Records for this exercise →
◆ ◆ ◆ ◆ ◆ ◆ ◆
Lemma sigmaC2_mul_le_21 : sigmaC (a *m b) 2 <= sigmaC a 2 * sigmaC b 1.
Proof.
have [e [_ _ e_orth]] := sigmaC1_attained a d_gt1.
have [x x_neq0 [x_orth x_ge]] := sigmaC2_orth_attained (a *m b) d_gt1 (e *m b).
apply: (ler_sqrC_dnorm _ _ x_neq0); rewrite ?mulr_ge0 ?sigmaC_ge0 //.
apply: le_trans x_ge _; rewrite mulmx_adj_mul exprMn rmorphM -mulrA.
apply: le_trans (e_orth _ _) _; first by rewrite dotmx_adj.
by rewrite ler_wpM2l ?sqrC_ge0 ?dnorm_adj_le.
Qed.

Lemma sigmaC2_mul_le_12 : sigmaC (a *m b) 2 <= sigmaC a 1 * sigmaC b 2.
Proof.
have [e [_ _ e_orth]] := sigmaC1_attained b d_gt1.
have [x x_neq0 [x_orth x_ge]] := sigmaC2_orth_attained (a *m b) d_gt1 e.
apply: (ler_sqrC_dnorm _ _ x_neq0); rewrite ?mulr_ge0 ?sigmaC_ge0 //.
apply: le_trans x_ge _; rewrite mulmx_adj_mul exprMn rmorphM -mulrA.
apply: le_trans (dnorm_adj_le a d_gt1 _) _.
by rewrite ler_wpM2l ?sqrC_ge0 ?e_orth.
Qed.

End Product.

Lemma sigmaC_ratio_mul_ge d : (1 < d)%N ->
  forall w1 w2 : 'M[C]_d, w1 \in unitmx -> w2 \in unitmx ->
  forall w, w = w1 \/ w = w2 ->
    sigmaC (w1 *m w2) 1 / sigmaC (w1 *m w2) 2 >=
    sigmaC w d ^+ 2 / sigmaC w 1 ^+ 2
      * (sigmaC w1 1 / sigmaC w1 2) * (sigmaC w2 1 / sigmaC w2 2).
Proof.
move=> d_gt1 w1 w2 w1_unit w2_unit w.
have w12_unit : w1 *m w2 \in unitmx by rewrite unitmx_mul w1_unit.
case=> ->; [|rewrite mulrAC]; apply: ratio_lower_bound;
  rewrite ?sigmaC_gt0 ?sigmaC2_gt0 ?sigmaC_n_le_2 ?sigmaC_2_le_1 ?sigmaC_ge0 //.
- exact: sigmaC1_mul_ge_n1.
- exact: sigmaC2_mul_le_12.
- by rewrite mulrC sigmaC1_mul_ge_1n.
- by rewrite mulrC sigmaC2_mul_le_21.
Qed.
◆ ◆ ◆ ◆ ◆ ◆ ◆
Your goal → Using the entries above, output exactly the lines between the line holding "Lemma sigmaC_ratio_mul_ge d : (1 < d)%N ->" and the line holding "case=> ->; [|rewrite", end lines included, and nothing more.

Solution →
Lemma sigmaC_ratio_mul_ge d : (1 < d)%N ->
  forall w1 w2 : 'M[C]_d, w1 \in unitmx -> w2 \in unitmx ->
  forall w, w = w1 \/ w = w2 ->
    sigmaC (w1 *m w2) 1 / sigmaC (w1 *m w2) 2 >=
    sigmaC w d ^+ 2 / sigmaC w 1 ^+ 2
      * (sigmaC w1 1 / sigmaC w1 2) * (sigmaC w2 1 / sigmaC w2 2).
Proof.
move=> d_gt1 w1 w2 w1_unit w2_unit w.
have w12_unit : w1 *m w2 \in unitmx by rewrite unitmx_mul w1_unit.
case=> ->; [|rewrite mulrAC]; apply: ratio_lower_bound;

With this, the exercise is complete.